I’m not sure who’s going to beat Buffalo this year. I mean, I’d rather Buffalo than the Ravens or Patriots, but I’m not sure. You might be hoping for the wrong thing!
Hey, a long column, yay. Guess I know what I’ll be reading it during the week.
I have good news(for me): I got a job, finally!.
I’m not super excited because it’s a call center and I used to work in one for a spell and I ended really burned out, but what the heck, finding job was hard so maybe now that I’m older and not-wiser I will not burn out so easily. Guess we’ll find out.
I haven’t bought any comics and barely read anything this month, but I wanted to at least share decent news. I want to hear more about that Conan Omnibus(I miiight buy those, eventually. If this job doesn’t crash and burn)

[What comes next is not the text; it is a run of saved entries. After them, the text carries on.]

(* In a finite dynamic game as described in the context, let $K^i$ be unilaterally sufficient information for player $i$, with associated functions $F_t^{i,g^i}$. For every behavioral strategy $g^i$ of player $i$, let $\rho^i$ be the $K^i$-based strategy given by $$\rho_t^i(u_t^i\mid k_t^i)=\sum_{\tilde h_t^i\in\mathcal{H}_t^i}g_t^i(u_t^i\mid\tilde h_t^i)\,F_t^{i,g^i}(\tilde h_t^i\mid k_t^i).$$ Then $J^j(g^i,g^{-i})=J^j(\rho^i,g^{-i})$ for all players $j\in\mathcal{I}$ and all behavioral strategy profiles $g^{-i}$ of the players other than $i$.
   Context: Game model: finite set of players $\mathcal{I}$, times $\mathcal{T}=\{1,\dots,T\}$. At time $t$ each player $i$ takes action $U_t^i\in\mathcal{U}_t^i$, obtains reward $R_t^i\in[-1,1]$ and learns new information $Z_t^i\in\mathcal{Z}_t^i$. There is a state $X_t\in\mathcal{X}_t$ with $(X_{t+1},Z_t,R_t)=f_t(X_t,U_t,W_t)$ for fixed functions $f_t$. Primitive random variables $(X_1,H_1)$ and $W_1,\dots,W_T$ are mutually independent with commonly known distributions. All sets are finite. Perfect recall: $H_t^i=(H_1^i,Z_{1:t-1}^i)\in\mathcal{H}_t^i$, and $U_t^i$ is a component of $Z_t^i$. Behavioral strategy $g_t^i:\mathcal{H}_t^i\to\Delta(\mathcal{U}_t^i)$; payoff $J^j(g)=\mathbb{E}^g[\sum_t R_t^j]$. A realization is admissible under $g$ if it has positive probability under $g$. Compression: $K_1^i=\iota_1^i(H_1^i)$, $K_t^i=\iota_t^i(K_{t-1}^i,Z_{t-1}^i)$ for fixed maps, finite value sets $\mathcal{K}_t^i$; $k_t^i$ is the compression of $h_t^i$; a $K^i$-based strategy has $\rho_t^i:\mathcal{K}_t^i\to\Delta(\mathcal{U}_t^i)$. Unilaterally sufficient information (USI): $K^i$ is USI for player $i$ if there exist $F_t^{i,g^i}:\mathcal{K}_t^i\to\Delta(\mathcal{H}_t^i)$ depending only on $g^i$ and $\Phi_t^{i,g^{-i}}:\mathcal{K}_t^i\to\Delta(\mathcal{X}_t\times\mathcal{H}_t^{-i})$ depending only on $g^{-i}$ with $\Pr^g(x_t,h_t\mid k_t^i)=F_t^{i,g^i}(h_t^i\mid k_t^i)\Phi_t^{i,g^{-i}}(x_t,h_t^{-i}\mid k_t^i)$ for all behavioral profiles $g$, all $t$, all $k_t^i$ admissible under $g$ (with $x_t,h_t^i,h_t^{-i}$ ranging independently; the left side is $0$ if they disagree on shared components). *)

(* Finite dynamic games, compressions, unilaterally
   sufficient information (USI), and payoffs. Times are 0-based:
   t = 0, ..., horizon-1 correspond to the paper's 1, ..., T. *)
From HB Require Import structures.
From mathcomp Require Import all_boot all_order all_algebra.
From mathcomp Require Import reals.
Set Implicit Arguments.
Unset Strict Implicit.
Unset Printing Implicit Defensive.
Import Order.TTheory GRing.Theory Num.Theory.
Local Open Scope ring_scope.

Unset Implicit Arguments.
Record game (R : realType) := Game {
  player : finType;
  horizon : nat;
  stateT : nat -> finType;
  actT : nat -> player -> finType;
  infoT : nat -> player -> finType;
  noiseT : nat -> finType;
  init_infoT : player -> finType;
  dyn : forall t, stateT t -> {dffun forall i, actT t i} -> noiseT t ->
        stateT t.+1 * {dffun forall i, infoT t i} * (player -> R);
  init_law : stateT 0 -> {dffun forall i, init_infoT i} -> R;
  (* law of the primitive W_t; independence is built into [state_law] *)
  noise_law : forall t, noiseT t -> R;
  init_law_ge0 : forall x h, 0 <= init_law x h;
  init_law_sum1 : \sum_(x : stateT 0) \sum_(h : {dffun forall i, init_infoT i})
                    init_law x h = 1;
  noise_law_ge0 : forall t (w : noiseT t), (t < horizon)%N -> 0 <= noise_law t w;
  noise_law_sum1 : forall t, (t < horizon)%N -> \sum_(w : noiseT t) noise_law t w = 1;
  reward_bound : forall t (x : stateT t) u (w : noiseT t) i, (t < horizon)%N ->
                   -1 <= (dyn t x u w).2 i <= 1;
  (* U_t^i is a component of Z_t^i *)
  act_of_info : forall t i, infoT t i -> actT t i;
  act_in_info : forall t (x : stateT t) u (w : noiseT t) i,
      act_of_info t i ((dyn t x u w).1.2 i) = u i
}.
Set Implicit Arguments.
Arguments player {R}.
Arguments horizon {R}.
Arguments stateT {R}.
Arguments actT {R}.
Arguments infoT {R}.
Arguments noiseT {R}.
Arguments init_infoT {R}.
Arguments dyn {R} g {t}.
Arguments init_law {R}.
Arguments noise_law {R} g {t}.
Arguments act_of_info {R} g {t i}.

Section GameDefs.
Context {R : realType} (G : game R).

(* H_t^i = (H_1^i, Z_{1:t-1}^i) (perfect recall) *)
Fixpoint hist (i : player G) (t : nat) : finType :=
  match t with
  | 0 => init_infoT G i
  | t'.+1 => (hist i t' * infoT G t' i)%type
  end.

(* behavioral strategies g_t^i : H_t^i -> Delta(U_t^i), as weights *)
Definition strat (i : player G) := forall t, hist i t -> actT G t i -> R.
Definition profile := forall i : player G, strat i.

Definition valid_strat (i : player G) (s : strat i) : Prop :=
  forall t, (t < horizon G)%N -> forall h : hist i t,
    (forall u, 0 <= s t h u) /\ \sum_(u : actT G t i) s t h u = 1.

Definition valid_profile (g : profile) : Prop := forall i, valid_strat (g i).

Definition pact (g : profile) t (h : {dffun forall i, hist i t})
    (u : {dffun forall i, actT G t i}) : R :=
  \prod_(i : player G) g i t (h i) (u i).

(* Pr^g(X_t = x, H_t = h) *)
Fixpoint state_law (g : profile) (t : nat) :
    stateT G t -> {dffun forall i, hist i t} -> R :=
  match t as n return stateT G n -> {dffun forall i, hist i n} -> R with
  | 0 => init_law G
  | t'.+1 => fun x' h' =>
      \sum_(x : stateT G t') \sum_(h : {dffun forall i, hist i t'})
      \sum_(u : {dffun forall i, actT G t' i}) \sum_(w : noiseT G t')
        state_law g x h * pact g h u * noise_law G w *
        (((dyn G x u w).1.1 == x') &&
         [forall i, h' i == (h i, (dyn G x u w).1.2 i)])%:R
  end.

Definition payoff (g : profile) (j : player G) : R :=
  \sum_(t < horizon G) \sum_(x : stateT G t) \sum_(h : {dffun forall i, hist i t})
    state_law g x h * \sum_(u : {dffun forall i, actT G t i}) pact g h u *
      \sum_(w : noiseT G t) noise_law G w * (dyn G x u w).2 j.

Definition upd (g : profile) (i : player G) (s : strat i) : profile :=
  fun j => match i =P j with
           | ReflectT e => eq_rect i strat s j e
           | ReflectF _ => g j
           end.

Record compression (i : player G) := Compression {
  kT : nat -> finType;
  iota0 : init_infoT G i -> kT 0;
  iotaS : forall t, kT t -> infoT G t i -> kT t.+1
}.

Fixpoint compress (i : player G) (c : compression i) (t : nat) :
    hist i t -> kT c t :=
  match t as n return hist i n -> kT c n with
  | 0 => fun h => @iota0 i c h
  | t'.+1 => fun h => @iotaS i c t' (@compress i c t' h.1) h.2
  end.

Definition kstrat (i : player G) (c : compression i) :=
  forall t, kT c t -> actT G t i -> R.

Definition kstrat_lift (i : player G) (c : compression i) (rho : kstrat c) :
    strat i := fun t h u => rho t (compress c h) u.

Definition others (i : player G) : finType := {j : player G | j != i}.
Definition ohist (i : player G) t := {dffun forall j : others i, hist (sval j) t}.
Definition restr_hist (i : player G) t (h : {dffun forall j, hist j t}) : ohist i t :=
  @finfun (others i) (fun j => hist (sval j) t) (fun j => h (sval j)).
Definition ostrat (i : player G) := forall j : others i, strat (sval j).
Definition restr_prof (i : player G) (g : profile) : ostrat i :=
  fun j => g (sval j).

Definition prob_k (g : profile) (i : player G) (c : compression i) t (k : kT c t) : R :=
  \sum_(x : stateT G t) \sum_(h : {dffun forall j, hist j t})
    state_law g x h * (compress c (h i) == k)%:R.

Definition cond_prob (g : profile) (i : player G) (c : compression i) t
    (k : kT c t) (x : stateT G t) (h : {dffun forall j, hist j t}) : R :=
  state_law g x h * (compress c (h i) == k)%:R / prob_k g k.

(* K^i is USI for player i, with witnesses F (depending only on g^i) and
   Phi (depending only on g^{-i}). *)
Definition USI_with (i : player G) (c : compression i)
    (F : strat i -> forall t, kT c t -> hist i t -> R)
    (Phi : ostrat i -> forall t, kT c t -> stateT G t -> ohist i t -> R) : Prop :=
  (forall s, valid_strat s -> forall t, (t < horizon G)%N -> forall k,
     (forall h, 0 <= F s t k h) /\ \sum_(h : hist i t) F s t k h = 1) /\
  (forall s' : ostrat i, (forall j, valid_strat (s' j)) ->
     forall t, (t < horizon G)%N -> forall k,
     (forall x ho, 0 <= Phi s' t k x ho) /\
     \sum_(x : stateT G t) \sum_(ho : ohist i t) Phi s' t k x ho = 1) /\
  (forall g : profile, valid_profile g ->
     forall t, (t < horizon G)%N -> forall k : kT c t, 0 < prob_k g k ->
     forall x (h : {dffun forall j, hist j t}),
       cond_prob g k x h = F (g i) t k (h i) * Phi (@restr_prof i g) t k x (@restr_hist i t h)).

Definition USI (i : player G) (c : compression i) : Prop :=
  exists F Phi, @USI_with i c F Phi.

Definition rho_of (i : player G) (c : compression i)
    (F : strat i -> forall t, kT c t -> hist i t -> R) (s : strat i) : kstrat c :=
  fun t k u => \sum_(h : hist i t) s t h u * F s t k h.

End GameDefs.

(* Write Y_t = (H_t^{-i}, K_t^i).  If, conditionally on (X_t, Y_t), player i's
   action U_t^i has law rho_t(. | K_t^i), then the joint law of (X_t, Y_t)
   evolves by a kernel built from rho, g^{-i} and the dynamics alone: indeed
   (X_{t+1}, Y_{t+1}) and R_t are functions of (X_t, Y_t, U_t, W_t), and U_t^{-i}
   depends only on H_t^{-i}.  So two such profiles that agree off player i give
   (X_t, Y_t) the same law at every t, hence the same payoffs.  The profile
   (rho, g^{-i}) has the property by construction.  So does (g^i, g^{-i}), by USI:
   given K_t^i = k, H_t^i is independent of (X_t, H_t^{-i}) with law F(. | k), and
   averaging g^i(. | H_t^i) against F(. | k) is exactly rho_t(. | k). *)

From HB Require Import structures.
From mathcomp Require Import all_boot all_order all_algebra.
From mathcomp Require Import reals ring.
Import Order.TTheory GRing.Theory Num.Theory.
Local Open Scope ring_scope.
Set Implicit Arguments.
Unset Strict Implicit.

Lemma sum_eq_indicator (R : pzSemiRingType) (T : finType) (a : T) (f : T -> R) :
  \sum_(y : T) (a == y)%:R * f y = f a.
Proof.
under eq_bigr do rewrite mulr_natl mulrb eq_sym.
by rewrite -big_mkcond big_pred1_eq.
Qed.

Section DffunSplit.
Variables (I : finType) (i : I) (T : I -> finType).

Definition restr_dffun (h : {dffun forall j, T j}) :
    {dffun forall j : {j | j != i}, T (sval j)} :=
  @finfun _ (fun j => T (sval j)) (fun j => h (sval j)).

(* A named constant, so that [case: (i =P j)] does not abstract [j == i] inside it. *)
Definition neq_of_ne (j : I) (ne : i <> j) : j != i :=
  introN (@eqP _ j i) (fun e => ne (esym e)).

Definition merge_at (hi : T i) (ho : {dffun forall j : {j | j != i}, T (sval j)})
    (j : I) : T j :=
  match i =P j with
  | ReflectT e => eq_rect i T hi j e
  | ReflectF ne => ho (exist _ j (neq_of_ne ne))
  end.

Definition merge_dffun hi ho : {dffun forall j, T j} := finfun (merge_at hi ho).

Lemma merge_dffun_at hi ho : merge_dffun hi ho i = hi.
Proof.
rewrite ffunE /merge_at; case: (i =P i) => [e|//].
by rewrite (eq_irrelevance e erefl).
Qed.

Lemma restr_merge_dffun hi ho : restr_dffun (merge_dffun hi ho) = ho.
Proof.
apply/ffunP => -[j ji]; rewrite !ffunE /merge_at /=.
case: (i =P j) => [e|ne]; first by exfalso; move: ji; rewrite -e eqxx.
by congr (ho (exist _ j _)); apply: bool_irrelevance.
Qed.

About looking for jobs, I had some luck at the beginning of this year doing stuff for those companies that want people doing stuff for their AI thingies. Maybe is not the best, but who knows, it might be useful. I found the most success with a company called Telus AI(I have been with them for like 4 years now, low pay, not that many hours available but really, really low brain power required) and Outlier(better pay, better hours, but loads of tutorials and tests you have to take) who knows. I really don’t like AI stuff, but hey, the world IS going to burn even if I don’t use it, so at least I was getting paid while everything is burning up)
Excellent, sir. Congratulations!
Right now, I’m trying to focus on finding teaching jobs, but yeah — I may have to expand my search soon. That’s not a bad thing to know about, even though I loathe AI.
I enjoy the Conan Omnibuses, but I’ve only read a few because they’re so packed. It might be a while before I can actually sit down and get through them …
Checked out Hyde Street and Farmhand from Hoopla.
“I mean, does DC really want to poke the bear of “what are powers” that much? ” A fair question but it’s not like this is a new issue — doesn’t every power-stealer/duplicator raise that? Or Animal Man being able to duplicate “animal powers” which as Morrison pointed out aren’t powers of any sort. While I’m not interested in checking out the book I doubt that would bother me much.
Ayyy, some Fugazi. Nice pick, whoever it was! Never heard this one as I don’t have this album (End Hits?), so look forward to it. Sweet ‘n’ Low is a good instrumental of theirs.
P.S.: Marlow is sort of west of London (NW—ish, in leafy commuter belt Buckinghamshire), defo not east. It’s very posh. As a very general rule, west/west of London is more posh, east/east of is more working class. Damn Yankees! 🙂
Dang, I know where Marlow is — I meant to type that London isn’t too far east of it and got screwed up. Sorry about that! 🙂
I guessed it was a senior moment. Heck I’d struggle to name much in Arizona past Phoenix — let alone where anything is! You guys do have just a tad more geography than our small island.